Demo of menu upload + ordering:
KFC-compressed.mp4
Another demo of ordering with a seperate menu:
taco-bell-compressed.mp4
A real-time AI-powered voice order taking system with streaming audio, intelligent menu processing, and live order management.
This system allows customers to place orders through natural voice conversation with an AI that understands menu items, processes modifications, and maintains order state in real-time.
- Frontend: React + TypeScript + Bootstrap (Vite dev server)
- Backend: FastAPI + WebSocket + WebRTC
- Audio Pipeline: Browser WebRTC → STT (Whisper) → Phi-3 LLM → TTS (Orpheus) → Browser
- Order Management: Real-time order tracking with WebSocket updates
- Each pipeline stage (STT, LLM, TTS, Audio) runs in its own process, communicating via multiprocessing queues for robust, real-time streaming.

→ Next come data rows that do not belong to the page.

(* Let $\mathcal{A}$ be a poset such that $\hat{a}=\{b\in\mathcal{A}: b\le a\}$ is finite for every $a\in\mathcal{A}$, and let $(G,F)$ be a functor from $\mathcal{A}$ to $\mathbf{Split}$ (over $\Lambda$-modules, $\Lambda$ a commutative ring). Then $(G,F)$ satisfies the intersection property if and only if $(G,F)$ is decomposable.
   Context: $\Lambda$ is a commutative ring and $\mathbf{Mod}$ the category of $\Lambda$-modules. A functor from a poset $\mathcal{A}$ to $\mathbf{Split}$ is a pair $(G,F)$ where $G:\mathcal{A}\to\mathbf{Mod}$ is a functor (maps $G^b_a:G(b)\to G(a)$ for $b\le a$), $F:\mathcal{A}^{op}\to\mathbf{Mod}$ is a presheaf (maps $F^a_b:F(a)\to F(b)$ for $b\le a$), $G(a)=F(a)$ for all $a$, and $F^a_bG^b_a=\mathrm{id}_{G(b)}$ for all $b\le a$. A morphism $(G,F)\to(G',F')$ is a pair $(\phi,\psi)$ with $\phi:G\to G'$ and $\psi:F'\to F$ natural transformations and $\psi_a\phi_a=\mathrm{id}$ for all $a$; it is an isomorphism if each $\phi_a$ is bijective with $\psi_a=\phi_a^{-1}$. A functor from $\mathcal{A}$ to $\mathbf{Split}(\mathrm{core}\,\mathbf{Mod})$ is such a pair $(G,F)$ in which every $G^b_a$ is an isomorphism (so $F^a_b=(G^b_a)^{-1}$). Intersection property: for $\alpha\in\mathcal{A}$ and $a\le\alpha$ put $\pi^\alpha_a=G^a_\alpha F^\alpha_a$, an idempotent endomorphism of $G(\alpha)$. Let $(s^\alpha_a)_{a\le\alpha}$ be the unique family of endomorphisms of $G(\alpha)$ with $\pi^\alpha_a=\sum_{b\le a}s^\alpha_b$ for all $a\le\alpha$ (Möbius inversion on the finite poset $\hat\alpha$). $(G,F)$ satisfies the intersection property if for all $\alpha\in\mathcal{A}$ and all $a,b\le\alpha$: $\pi^\alpha_a\pi^\alpha_b=\sum_{c\le a,\ c\le b}s^\alpha_c$ (when $\mathcal{A}$ is a meet semilattice this reads $\pi^\alpha_a\pi^\alpha_b=\pi^\alpha_{a\wedge b}$). Decomposable: there is a family $((G_c,F_c))_{c\in\mathcal{A}}$ of functors from $\mathcal{A}$ to $\mathbf{Split}(\mathrm{core}\,\mathbf{Mod})$ such that $(G,F)$ is isomorphic to $(S,T)$ where $S(a)=T(a)=\bigoplus_{c\le a}G_c(a)$, for $b\le a$ the map $S^b_a$ sends $(v_c)_{c\le b}$ to $(w_c)_{c\le a}$ with $w_c=(G_c)^b_a(v_c)$ if $c\le b$ and $w_c=0$ otherwise, and $T^a_b$ sends $(w_c)_{c\le a}$ to $((F_c)^a_b(w_c))_{c\le b}$. *)

From HB Require Import structures.
From mathcomp Require Import all_boot all_order all_algebra.
Set Implicit Arguments. Unset Strict Implicit. Unset Printing Implicit Defensive.
Import Order.TTheory GRing.Theory.
Local Open Scope ring_scope.
Local Open Scope order_scope.

Section DSum.
Variables (R : comPzRingType) (I : finType) (M : I -> lmodType R).
Definition dsum := {dffun forall i : I, M i}.
HB.instance Definition _ := Choice.on dsum.
Definition dsum_zero : dsum := [ffun i => 0%R].
Definition dsum_add (f g : dsum) : dsum := [ffun i => (f i + g i)%R].
Definition dsum_opp (f : dsum) : dsum := [ffun i => (- f i)%R].
Definition dsum_scale (k : R) (f : dsum) : dsum := [ffun i => k *: f i].
Fact dsum_addA : associative dsum_add.
Proof. by move=> f g h; apply/ffunP=> i; rewrite !ffunE addrA. Qed.
Fact dsum_addC : commutative dsum_add.
Proof. by move=> f g; apply/ffunP=> i; rewrite !ffunE addrC. Qed.
Fact dsum_add0 : left_id dsum_zero dsum_add.
Proof. by move=> f; apply/ffunP=> i; rewrite !ffunE add0r. Qed.
Fact dsum_addN : left_inverse dsum_zero dsum_opp dsum_add.
Proof. by move=> f; apply/ffunP=> i; rewrite !ffunE addNr. Qed.
HB.instance Definition _ :=
  GRing.isZmodule.Build dsum dsum_addA dsum_addC dsum_add0 dsum_addN.
Fact dsum_scaleA a b v : dsum_scale a (dsum_scale b v) = dsum_scale (a * b) v.
Proof. by apply/ffunP=> i; rewrite !ffunE scalerA. Qed.
Fact dsum_scale1 : left_id 1 dsum_scale.
Proof. by move=> f; apply/ffunP=> i; rewrite !ffunE scale1r. Qed.
Fact dsum_scaleDr : right_distributive dsum_scale +%R.
Proof. by move=> a f g; apply/ffunP=> i; rewrite !ffunE scalerDr. Qed.
Fact dsum_scaleDl v : {morph dsum_scale^~ v : a b / a + b}.
Proof. by move=> a b; apply/ffunP=> i; rewrite !ffunE scalerDl. Qed.
HB.instance Definition _ :=
  GRing.Zmodule_isLmodule.Build R dsum dsum_scaleA dsum_scale1 dsum_scaleDr
    dsum_scaleDl.
End DSum.

Section Split.
Variables (R : comPzRingType) (d : Order.disp_t) (A : porderType d).

(* Data of a pair (G,F): common objects G(a) = F(a), maps
   sf_G b a = G^b_a : G(b) -> G(a) and sf_F a b = F^a_b : F(a) -> F(b).
   Only the values for b <= a are meaningful (constrained by is_split). *)
Record split_functor := SplitFunctor {
  sf_obj : A -> lmodType R;
  sf_G : forall b a : A, sf_obj b -> sf_obj a;
  sf_F : forall a b : A, sf_obj a -> sf_obj b }.
End Split.
Arguments SplitFunctor {R d A} sf_obj sf_G sf_F.
Arguments sf_obj {R d A} s a.
Arguments sf_G {R d A} s b a _.
Arguments sf_F {R d A} s a b _.

Section Split2.
Variables (R : comPzRingType) (d : Order.disp_t) (A : porderType d).
Local Notation split_functor := (split_functor R A).

Definition is_split (X : split_functor) : Prop :=
  [/\ forall b a, b <= a -> linear (sf_G X b a),
      forall b a, b <= a -> linear (sf_F X a b),
      (forall a x, sf_G X a a x = x) /\
      (forall c b a, c <= b -> b <= a -> forall x,
          sf_G X c a x = sf_G X b a (sf_G X c b x)),
      (forall a x, sf_F X a a x = x) /\
      (forall a b c, c <= b -> b <= a -> forall x,
          sf_F X a c x = sf_F X b c (sf_F X a b x))
    & forall b a, b <= a -> forall x, sf_F X a b (sf_G X b a x) = x].

Definition is_core_split (X : split_functor) : Prop :=
  is_split X /\ forall b a, b <= a -> bijective (sf_G X b a).

Definition split_iso (X Y : split_functor) : Prop :=
  exists (phi : forall a, sf_obj X a -> sf_obj Y a)
         (psi : forall a, sf_obj Y a -> sf_obj X a),
  [/\ forall a, linear (phi a),
      forall a, linear (psi a),
      forall b a, b <= a -> forall x, phi a (sf_G X b a x) = sf_G Y b a (phi b x),
      forall b a, b <= a -> forall y, psi b (sf_F Y a b y) = sf_F X a b (psi a y)
    & forall a, cancel (phi a) (psi a) /\ cancel (psi a) (phi a)].

(* Intersection property; hat a enumerates {b | b <= a}                *)
Variable hat : A -> seq A.

Definition sf_pi (X : split_functor) (al a : A) (x : sf_obj X al) : sf_obj X al :=
  sf_G X a al (sf_F X al a x).

(* For every alpha and the (unique) family (s_a)_{a <= alpha} of
   endomorphisms of G(alpha) with pi_a = sum_{b <= a} s_b, we have
   pi_a pi_b = sum_{c <= a, c <= b} s_c. *)
Definition intersection_property (X : split_functor) : Prop :=
  forall (al : A) (s : A -> sf_obj X al -> sf_obj X al),
    (forall b, b <= al -> linear (s b)) ->
    (forall a, a <= al -> forall x,
        @sf_pi X al a x = (\sum_(b <- hat al | (b <= a)%O) s b x)%R) ->
    forall a b, a <= al -> b <= al -> forall x,
      @sf_pi X al a (@sf_pi X al b x) =
        (\sum_(c <- hat al | (c <= a)%O && (c <= b)%O) s c x)%R.

Definition S_obj (fam : A -> split_functor) (a : A) : lmodType R :=
  dsum (fun c : seq_sub (hat a) => sf_obj (fam (ssval c)) a).

(* the component v_x of v in S(a) (taken to be 0 if x \notin hat a) *)
Definition dget (fam : A -> split_functor) (a : A) (v : S_obj fam a) (x : A)
  : sf_obj (fam x) a :=
  (if x \in hat a as bb return ((x \in hat a) = bb -> sf_obj (fam x) a)
   then fun H => v (@SeqSub _ (hat a) x H) else fun _ => 0%R) (erefl (x \in hat a)).
Arguments dget : clear implicits.

Definition S_map (fam : A -> split_functor) (b a : A) (v : S_obj fam b)
  : S_obj fam a :=
  [ffun c : seq_sub (hat a) =>
     if ssval c <= b then sf_G (fam (ssval c)) b a (dget fam b v (ssval c)) else 0%R].

Definition T_map (fam : A -> split_functor) (a b : A) (w : S_obj fam a)
  : S_obj fam b :=
  [ffun c : seq_sub (hat b) => sf_F (fam (ssval c)) a b (dget fam a w (ssval c))].

Arguments S_map : clear implicits.
Arguments T_map : clear implicits.

Definition ST_functor (fam : A -> split_functor) : split_functor :=
  SplitFunctor (S_obj fam) (S_map fam) (T_map fam).

Definition decomposable (X : split_functor) : Prop :=
  exists fam : A -> split_functor,
    (forall c, is_core_split (fam c)) /\ split_iso X (ST_functor fam).

End Split2.

(* For alpha in A the idempotents pi_a = G^a_alpha F^alpha_a (a <= alpha)
   determine, by Moebius inversion over the finite down-set of alpha, the
   endomorphisms s^alpha_a with pi_a = sum_{b <= a} s^alpha_b.

   Decomposable => intersection property: in the model (S,T) the idempotent
   pi_a is the coordinate projection onto the summands c <= a and s_c is the
   projection onto the c-th summand; the property is transported along the
   isomorphism by uniqueness of Moebius inversion.

   Intersection property => decomposable: the property makes the s^alpha_c a
   complete family of orthogonal idempotents with pi_a s_b = [b <= a] s_b.
   Taking G_c the constant functor on the image (fixed points) of s^c_c, the
   maps x |-> (s^c_c F^a_c x)_{c <= a} and (v_c)_c |-> sum_c G^c_a v_c are
   mutually inverse natural isomorphisms (G,F) ~ (S,T). *)

From HB Require Import structures.
From mathcomp Require Import all_boot all_order all_algebra.
Import Order.TTheory GRing.Theory.
Set Implicit Arguments. Unset Strict Implicit. Unset Printing Implicit Defensive.
Local Open Scope ring_scope.
Local Open Scope order_scope.

Section LinearFunctions.
Variables (R : comPzRingType) (U V : lmodType R) (f : U -> V).
Hypothesis f_lin : linear f.

Lemma lin0 : f 0 = 0.
Proof.
have H := f_lin 1 0 0; rewrite !scale1r addr0 in H.
by apply: (addrI (f 0)); rewrite addr0 -H.
Qed.

Lemma linD x y : f (x + y) = f x + f y.
Proof. by have := f_lin 1 x y; rewrite !scale1r. Qed.

Lemma linN x : f (- x) = - f x.
Proof. by have := f_lin (-1) x 0; rewrite !addr0 lin0 addr0 !scaleN1r. Qed.

Lemma linB x y : f (x - y) = f x - f y.
Proof. by rewrite linD linN. Qed.

Lemma lin_sum (I : Type) (r : seq I) (P : pred I) (g : I -> U) :
  f (\sum_(i <- r | P i) g i) = \sum_(i <- r | P i) f (g i).
Proof. exact: (big_morph f linD lin0). Qed.
End LinearFunctions.

Lemma lin_comp (R : comPzRingType) (U V W : lmodType R) (f : U -> V) (g : V -> W) :
  linear f -> linear g -> linear (fun x => g (f x)).
Proof. by move=> f_lin g_lin k x y; rewrite f_lin g_lin. Qed.

Lemma sum_delta (V : zmodType) (T : eqType) (r : seq T) (P : pred T) (c : T)
    (f : T -> V) :
  uniq r ->
  \sum_(x <- r | P x) (if x == c then f x else 0) =
  if (c \in r) && P c then f c else 0.
Proof.
move=> r_uniq; rewrite -big_filter.
case: ifP => [/andP[c_r Pc] | c_notin].
  rewrite (bigD1_seq c) ?mem_filter ?Pc ?filter_uniq //= eqxx.
  by rewrite big1 ?addr0 // => x /negbTE ->.
rewrite big1_seq // => x /andP[_]; rewrite mem_filter => /andP[Px x_r].
by case: eqP => // x_c; move: c_notin; rewrite -x_c x_r Px.
Qed.

Lemma dsum_sumE (R : comPzRingType) (I : finType) (M : I -> lmodType R)
    (J : Type) (r : seq J) (P : pred J) (f : J -> dsum M) (i : I) :
  (\sum_(j <- r | P j) f j) i = \sum_(j <- r | P j) f j i.
Proof. by apply: (big_morph (fun g : dsum M => g i)) => [g h|]; rewrite ffunE. Qed.

(* The submodule of fixed points of a linear endomorphism e (its image, when e
   is idempotent).  The predicate mentions the linearity proof so that the
   closure instance below is found by unification. *)
Section FixedSubmodule.
Variables (R : comPzRingType) (M : lmodType R) (e : M -> M).

Definition fixed_points (e_lin : linear e) : {pred M} := [pred x | e x == x].

Variable e_lin : linear e.

Fact fixed_points_submod_closed : GRing.submod_closed (fixed_points e_lin).
Proof.
split=> [|k x y]; rewrite !inE ?(lin0 e_lin) // => /eqP ex /eqP ey.
by rewrite e_lin ex ey.
Qed.

HB.instance Definition _ :=
  GRing.isSubmodClosed.Build R M (fixed_points e_lin) fixed_points_submod_closed.

Definition fixed_submod := {x : M | x \in fixed_points e_lin}.
HB.instance Definition _ := Choice.on fixed_submod.
HB.instance Definition _ := SubType.on fixed_submod.
HB.instance Definition _ := [SubChoice_isSubLmodule of fixed_submod by <:].
End FixedSubmodule.

Section SplitFunctorLaws.
Variables (R : comPzRingType) (d : Order.disp_t) (A : porderType d)
          (X : split_functor R A).
Hypothesis HX : is_split X.
Local Notation G := (sf_G X).
Local Notation F := (sf_F X).
Local Notation pi al := (@sf_pi _ _ _ X al).

Lemma G_linear b a : b <= a -> linear (G b a).
Proof. by case: HX => G_lin _ _ _ _; apply: G_lin. Qed.

Lemma F_linear b a : b <= a -> linear (F a b).
Proof. by case: HX => _ F_lin _ _ _; apply: F_lin. Qed.

Lemma G_id a x : G a a x = x.
Proof. by case: HX => _ _ [G1 _] _ _; apply: G1. Qed.

Lemma G_comp c b a : c <= b -> b <= a -> forall x, G c a x = G b a (G c b x).
Proof. by case: HX => _ _ [_ GM] _ _; apply: GM. Qed.

Lemma F_id a x : F a a x = x.
Proof. by case: HX => _ _ _ [F1 _] _; apply: F1. Qed.

Lemma F_comp a b c : c <= b -> b <= a -> forall x, F a c x = F b c (F a b x).
Proof. by case: HX => _ _ _ [_ FM] _; apply: FM. Qed.

Lemma FG_id b a : b <= a -> forall x, F a b (G b a x) = x.
Proof. by case: HX => _ _ _ _ FG; apply: FG. Qed.

Lemma pi_linear al a : a <= al -> linear (pi al a).
Proof. by move=> le_a_al; apply: lin_comp; [apply: F_linear | apply: G_linear]. Qed.

Lemma pi_G a b x : b <= a -> pi a b (G b a x) = G b a x.
Proof. by move=> le_ba; rewrite /sf_pi FG_id. Qed.

Lemma F_pi a b y : b <= a -> F a b (pi a b y) = F a b y.
Proof. by move=> le_ba; rewrite /sf_pi FG_id. Qed.
End SplitFunctorLaws.

Lemma core_GF (R : comPzRingType) (d : Order.disp_t) (A : porderType d)
    (Z : split_functor R A) : is_core_split Z ->
  forall b a, b <= a -> forall z, sf_G Z b a (sf_F Z a b z) = z.
Proof.
move=> [Z_split G_bij] b a le_ba z; have [g GK KG] := G_bij b a le_ba.
by rewrite -(KG z) (FG_id Z_split le_ba).
Qed.

Section LocallyFinitePoset.
Variables (d : Order.disp_t) (A : porderType d) (hat : A -> seq A).
Hypothesis hat_uniq : forall a : A, uniq (hat a).
Hypothesis hat_spec : forall a b : A, (b \in hat a) = (b <= a).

- Real-time audio streaming via WebRTC from browser to backend
- Speech-to-Text using Whisper with GPU acceleration
- Natural language processing with Phi-3 Medium LLM
- Text-to-Speech using Orpheus model for AI responses
- Ultra-low latency audio pipeline optimized for real-time conversation
- Live order display with automatic WebSocket updates
- Order modifications (add, remove, change quantities)
- Price calculation with real-time totals
- Order persistence across conversation turns
- Menu upload via web interface (image/text)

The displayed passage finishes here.